**Exercise brief**. From the first line of the records down to the one that holds "T.+1) (if f", transcribe each line exactly and add nothing.

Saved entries
──────
(* Expectation over the i.i.d. Bernoulli(p0) coins used in slots 0..T
   (finite probability space {ffun 'I_T.+1 -> bool}). *)
Definition coins (T : nat) (f : {ffun 'I_T.+1 -> bool}) : nat -> bool :=
  fun k => if (k < T.+1)%N then f (inord k) else false.

Definition weight (p0 : R) (T : nat) (f : {ffun 'I_T.+1 -> bool}) : R :=
  \prod_(i < T.+1) (if f i then p0 else 1 - p0).

Definition expect (p0 : R) (T : nat) (X : (nat -> bool) -> R) : R :=
  \sum_(f : {ffun 'I_T.+1 -> bool}) weight p0 f * X (coins f).

Definition Mavg (al th l p0 : R) (T : nat) : R :=
  expect p0 T (fun w =>
    (T.+1%:R)^-1 * \sum_(k < T.+1) Vhat th l (Vprior al th l w k) (w k)).

Definition Cavg (al th cTX phi : R) (NS : nat) (l p0 : R) (T : nat) : R :=
  expect p0 T (fun w =>
    (T.+1%:R)^-1 * \sum_(k < T.+1)
      (NS%:R)^-1 * tk th l (Vprior al th l w k) (w k)
        * (cTX + phi * SM th l (Vprior al th l w k) (w k))).

End MP.

(* After a transmission the posterior variance is always V^ = sqrt(lambda theta), so m slots
   later the prior variance is 1 - alpha^m (1 - V^), increasing in m.  The decision therefore
   depends only on the phase m, the number of slots since the last transmission: for lambda in
   (lambda*_{J-1}, lambda*_J] the policy is silent in phases 1 .. J-1, transmits at phase J
   (only when the tie coin says so if lambda = lambda*_J) and surely at phase J+1.  The phase
   is a finite Markov chain driven by the coins, and both averages are renewal-reward ratios:
   the expected reward of a cycle over its expected length J + (1 - p0) [lambda = lambda*_J].
   The Cesaro limit follows from an explicit solution of the Poisson equation of the chain,
   which makes the averaged sums telescope. *)

From mathcomp Require Import all_boot all_order all_algebra.
From mathcomp Require Import all_classical all_reals all_analysis.
From mathcomp Require Import ring lra.

Set Implicit Arguments.
Unset Strict Implicit.
Unset Printing Implicit Defensive.
Import Order.TTheory GRing.Theory Num.Theory.
Import numFieldNormedType.Exports.
Local Open Scope classical_set_scope.
Local Open Scope ring_scope.

Definition coin_mean (R : realType) (p0 : R) (f : bool -> R) : R :=
  p0 * f true + (1 - p0) * f false.

Lemma sum_coin_mean_cst (R : realType) (p0 : R) (r : nat -> bool -> R) (f : nat -> R)
    m n :
  (forall i b, (m <= i < n)%N -> r i b = f i) ->
  \sum_(m <= i < n) coin_mean p0 (r i) = \sum_(m <= i < n) f i.
Proof. by move=> rf; apply: eq_big_nat => i /rf rfi; rewrite /coin_mean !rfi; ring. Qed.

Section CoinExpectation.
Variables (R : realType) (p0 : R) (T : nat).
Implicit Types X Y : (nat -> bool) -> R.

Lemma eq_expect X Y : X =1 Y -> expect p0 T X = expect p0 T Y.
Proof. by move=> XY; apply: eq_bigr => f _; rewrite XY. Qed.

Lemma expectZl c X : expect p0 T (fun w => c * X w) = c * expect p0 T X.
Proof. by rewrite /expect mulr_sumr; apply: eq_bigr => f _; rewrite mulrCA. Qed.

Lemma expectD X Y :
  expect p0 T (fun w => X w + Y w) = expect p0 T X + expect p0 T Y.
Proof. by rewrite /expect -big_split; apply: eq_bigr => f _; rewrite mulrDr. Qed.

Lemma expectB X Y :
  expect p0 T (fun w => X w - Y w) = expect p0 T X - expect p0 T Y.
Proof. by rewrite /expect -sumrB; apply: eq_bigr => f _; rewrite mulrBr. Qed.

Lemma expect_sum n (X : nat -> (nat -> bool) -> R) :
  expect p0 T (fun w => \sum_(k < n) X k w) = \sum_(k < n) expect p0 T (X k).
Proof. by rewrite /expect; under eq_bigr do rewrite mulr_sumr; exact: exchange_big. Qed.

Lemma sum_weight : \sum_(f : {ffun 'I_T.+1 -> bool}) weight p0 f = 1.
Proof.
rewrite /weight -(bigA_distr_bigA (fun i (b : bool) => if b then p0 else 1 - p0)).
by rewrite big1 // => i _; rewrite big_bool /=; ring.
Qed.

Lemma expect_cst c : expect p0 T (fun=> c) = c.
Proof. by rewrite /expect -mulr_suml sum_weight mul1r. Qed.

Lemma expect_fresh_coin k (F : (nat -> bool) -> bool -> R) : (k < T.+1)%N ->
  (forall w w', (forall i, (i < k)%N -> w i = w' i) -> F w = F w') ->
  expect p0 T (fun w => F w (w k)) = expect p0 T (fun w => coin_mean p0 (F w)).
Proof.
move=> kT F_past.
pose k0 : 'I_T.+1 := inord k.
have coinsk f : coins f k = f k0 by rewrite /coins kT.
(* Pairing each outcome with its flip at slot [k0] separates coin [k] from the others. *)
pose flip (f : {ffun 'I_T.+1 -> bool}) := [ffun i => if i == k0 then ~~ f i else f i].
have flipK : involutive flip.
  by move=> f; apply/ffunP => i; rewrite !ffunE; case: eqP => // ->; rewrite negbK.
have flip_k0 f : flip f k0 = ~~ f k0 by rewrite ffunE eqxx.
have sum_pairs (Phi : {ffun 'I_T.+1 -> bool} -> R) :
    \sum_f Phi f = \sum_(f : {ffun _ -> bool} | f k0) (Phi f + Phi (flip f)).
  rewrite (bigID (fun f : {ffun _ -> bool} => f k0)) /= big_split /=; congr (_ + _).
  rewrite (reindex_inj (can_inj flipK)) /=.
  by apply: eq_bigl => f; rewrite flip_k0 negbK.
pose W f := \prod_(i | i != k0) (if f i then p0 else 1 - p0).
have weightE f : weight p0 f = (if f k0 then p0 else 1 - p0) * W f.
  by rewrite /weight (bigD1 k0).
have W_flip f : W (flip f) = W f.
  by apply: eq_bigr => i /negbTE ik0; rewrite ffunE ik0.
have F_flip f : F (coins (flip f)) = F (coins f).
  apply: F_past => i ik; have iT : (i < T.+1)%N by rewrite (ltn_trans ik).
  rewrite /coins iT ffunE ifN //; apply: contraTneq ik => /(congr1 val) /=.
  by rewrite !inordK // => ->; rewrite ltnn.
rewrite /expect !sum_pairs; apply: eq_bigr => f fk0.
rewrite !weightE !coinsk flip_k0 fk0 W_flip F_flip /coin_mean /=; ring.
Qed.

Hypotheses (p0_ge0 : 0 <= p0) (p0_le1 : p0 <= 1).

Lemma weight_ge0 (f : {ffun 'I_T.+1 -> bool}) : 0 <= weight p0 f.
Proof. by apply: prodr_ge0 => i _; case: (f i); rewrite ?subr_ge0. Qed.

Lemma expect_norm_le X C : (forall w, `|X w| <= C) -> `|expect p0 T X| <= C.
Proof.
move=> X_le; rewrite -[C](expect_cst C) /expect.
apply: le_trans (ler_norm_sum _ _ _) (ler_sum _ _) => f _.
by rewrite normrM ger0_norm ?weight_ge0 // ler_wpM2l ?weight_ge0.
Qed.

End CoinExpectation.

Fixpoint chain (next : nat -> bool -> nat) (w : nat -> bool) (k : nat) : nat :=
  if k is k'.+1 then next (chain next w k') (w k') else 0%N.

Lemma eq_chain next k w w' :
  (forall i, (i < k)%N -> w i = w' i) -> chain next w k = chain next w' k.
Proof.
elim: k => [//|k IHk] ww' /=.
by rewrite ww' // IHk // => i ik; rewrite ww' // ltnW.
Qed.

Definition cesaro_reward (R : realType) (p0 : R) (next : nat -> bool -> nat)
    (r : nat -> bool -> R) (T : nat) : R :=
  expect p0 T (fun w => (T.+1%:R)^-1 * \sum_(k < T.+1) r (chain next w k) (w k)).

Section PoissonEquation.
Variables (R : realType) (p0 : R) (N : nat) (next : nat -> bool -> nat).
Variables (r : nat -> bool -> R) (h : nat -> R) (g : R).
Hypothesis next_le : forall m b, (m <= N)%N -> (next m b <= N)%N.
Hypothesis poisson : forall m, (m <= N)%N ->
  coin_mean p0 (r m) - g = h m - coin_mean p0 (h \o next m).

Lemma chain_le w k : (chain next w k <= N)%N.
Proof. by elim: k => [|k IHk] //=; apply: next_le. Qed.

Lemma expect_reward_step T k : (k < T.+1)%N ->
  expect p0 T (fun w => r (chain next w k) (w k)) =
  g + expect p0 T (fun w => h (chain next w k))
    - expect p0 T (fun w => h (chain next w k.+1)).
Proof.
move=> kT.
have coin_past (F : nat -> bool -> R) :
    expect p0 T (fun w => F (chain next w k) (w k)) =
    expect p0 T (fun w => coin_mean p0 (F (chain next w k))).
  by apply: (@expect_fresh_coin _ _ _ _ (fun w => F (chain next w k))) => // w w' /eq_chain ->.
rewrite coin_past (coin_past (fun m b => h (next m b))) -addrA -expectB.
rewrite -(expect_cst p0 T g) -expectD.
apply: eq_expect => w /=; have := poisson (chain_le w k); rewrite /comp => <-; ring.
Qed.

Lemma expect_reward_sum T :
  expect p0 T (fun w => \sum_(k < T.+1) r (chain next w k) (w k)) =
  T.+1%:R * g + h 0 - expect p0 T (fun w => h (chain next w T.+1)).
Proof.
pose a k := expect p0 T (fun w => h (chain next w k)).
rewrite (@expect_sum _ p0 T T.+1 (fun k w => r (chain next w k) (w k))).
under eq_bigr => k _ do rewrite (expect_reward_step (ltn_ord k)) -addrA.
rewrite big_split /= sumr_const card_ord mulr_natl -addrA; congr (_ + _).
rewrite -(big_mkord xpredT (fun k => a k - a k.+1)).
under eq_bigr do rewrite -opprB.
by rewrite sumrN telescope_sumr // opprB /a /= expect_cst.
Qed.

Hypotheses (p0_ge0 : 0 <= p0) (p0_le1 : p0 <= 1).

Lemma cesaro_reward_cvg : cesaro_reward p0 next r @ \oo --> g.
Proof.
pose C := `|h 0| + \sum_(m < N.+1) `|h m| + 1.
have h_le m : (m <= N)%N -> `|h m| <= \sum_(m < N.+1) `|h m|.
  move=> mN; rewrite (bigD1 (inord m)) //= inordK ?ltnS //.
  by rewrite lerDl sumr_ge0.
have C_gt0 : 0 < C by rewrite ltr_wpDl ?addr_ge0 ?sumr_ge0.
apply/cvgrPdist_le => e e_gt0.
have /cvgrPdist_le /(_ (e / C) (divr_gt0 e_gt0 C_gt0)) := @cvg_harmonic R.
apply: filterS => T; rewrite /harmonic /= sub0r normrN ger0_norm // => T_small.
rewrite /cesaro_reward expectZl expect_reward_sum.
set E := expect _ _ _.
have E_le : `|E| <= \sum_(m < N.+1) `|h m|.
  by apply: expect_norm_le => // w; exact/h_le/chain_le.
have -> : g - (T.+1%:R)^-1 * (T.+1%:R * g + h 0 - E) = - ((T.+1%:R)^-1 * (h 0 - E)).
  by field.
rewrite normrN normrM ger0_norm //.
apply: le_trans (ler_wpM2l _ (_ : `|h 0 - E| <= C)) _ => //.
  by apply: le_trans (ler_normB _ _) _; rewrite /C; lra.
by rewrite -ler_pdivlMr.
Qed.

End PoissonEquation.

(* Phase [m] counts the slots since the last transmission, [0] meaning that nothing
   was sent yet; [strict] says that the threshold is crossed strictly at phase [J],
   so that the tie-breaking coin is never used. *)
Definition transmits (J : nat) (strict : bool) (m : nat) (b : bool) : bool :=
  (m == 0)%N || (J < m)%N || ((m == J) && (b || strict)).

Definition next_phase (J : nat) (strict : bool) (m : nat) (b : bool) : nat :=
  if transmits J strict m b then 1%N else m.+1.

Lemma transmits_idle J strict m b : (0 < m < J)%N -> transmits J strict m b = false.
Proof. by case/andP=> m_gt0 m_lt; rewrite /transmits gtn_eqF // ltnNge ltnW // ltn_eqF. Qed.

Lemma transmits_J J strict b : (0 < J)%N -> transmits J strict J b = b || strict.
Proof. by move=> J_gt0; rewrite /transmits gtn_eqF // ltnn eqxx. Qed.

Lemma transmits_succJ J strict b : transmits J strict J.+1 b.
Proof. by rewrite /transmits ltnSn orbT. Qed.

Lemma next_phase_le J strict m b :
  (m <= J.+1)%N -> (next_phase J strict m b <= J.+1)%N.
Proof.
rewrite /next_phase /transmits; case: ifP => // /negbT.
by rewrite !negb_or -leqNgt => /andP[/andP[_ mJ] _].
Qed.

Section RenewalCycle.
Variables (R : realType) (p0 : R) (J : nat) (strict : bool) (r : nat -> bool -> R).

Definition cycle_reward : R :=
  \sum_(1 <= i < J.+1) coin_mean p0 (r i)
  + (if strict then 0 else (1 - p0) * coin_mean p0 (r J.+1)).

Definition cycle_length : R := J%:R + (if strict then 0 else 1 - p0).

Hypotheses (J_gt0 : (0 < J)%N) (p0_ge0 : 0 <= p0) (p0_le1 : p0 <= 1).

Lemma cycle_length_gt0 : 0 < cycle_length.
Proof. by rewrite /cycle_length; case: strict; rewrite ?addr0 ?ltr_pwDl ?ltr0n ?subr_ge0. Qed.

Let g := cycle_reward / cycle_length.
Let excess m := coin_mean p0 (r m) - g.
Let tail := excess J + (if strict then 0 else (1 - p0) * excess J.+1).
Let bias m :=
  if m == 0%N then excess 0
  else if (m <= J)%N then \sum_(m <= i < J) excess i + tail
  else excess J.+1.

Lemma bias1 : bias 1 = 0.
Proof.
rewrite /bias /= J_gt0 /tail addrA -big_nat_recr //= /excess sumrB sumr_const_nat.
transitivity (cycle_reward - g * cycle_length).
  by rewrite /cycle_reward /cycle_length subSS subn0 -mulr_natl; case: strict; ring.
by rewrite /g mulfVK ?subrr // gt_eqF // cycle_length_gt0.
Qed.

Lemma phase_poisson m : (m <= J.+1)%N ->
  coin_mean p0 (r m) - g = bias m - coin_mean p0 (bias \o next_phase J strict m).
Proof.
move=> mJ; rewrite -/(excess m) /coin_mean /comp /next_phase.
have [->|m_neq0] := eqVneq m 0%N; first by rewrite /= bias1 /bias /=; ring.
case: (ltngtP m J) => [m_lt|m_gt|->].
- rewrite !transmits_idle ?lt0n ?m_neq0 // /bias (negbTE m_neq0) (ltnW m_lt) m_lt /=.
  by rewrite big_ltn //; ring.
- have -> : m = J.+1 by apply/eqP; rewrite eqn_leq mJ m_gt.
  by rewrite !transmits_succJ bias1 /bias /= ltnn; ring.
- have bias_next : bias (if strict then 1%N else J.+1) = if strict then 0 else excess J.+1.
    by case: strict; rewrite ?bias1 // /bias /= ltnn.
  rewrite !transmits_J //= bias1 bias_next /bias (gtn_eqF J_gt0) leqnn big_geq // add0r.
  by rewrite /tail; case: strict; ring.
Qed.

Theorem cesaro_cycle_cvg :
  cesaro_reward p0 (next_phase J strict) r @ \oo --> cycle_reward / cycle_length.
Proof.
apply: (@cesaro_reward_cvg _ _ J.+1 _ _ bias) => //.
  exact: next_phase_le.
exact: phase_poisson.
Qed.

End RenewalCycle.

Section ThresholdFunction.
Variables (R : realType) (th : R).
Hypothesis th_gt0 : 0 < th.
──────
**Response**.
(* Expectation over the i.i.d. Bernoulli(p0) coins used in slots 0..T
   (finite probability space {ffun 'I_T.+1 -> bool}). *)
Definition coins (T : nat) (f : {ffun 'I_T.+1 -> bool}) : nat -> bool :=
  fun k => if (k < T.+1)%N then f (inord k) else false.

Definition weight (p0 : R) (T : nat) (f : {ffun 'I_T.+1 -> bool}) : R :=
  \prod_(i < T.+1) (if f i then p0 else 1 - p0).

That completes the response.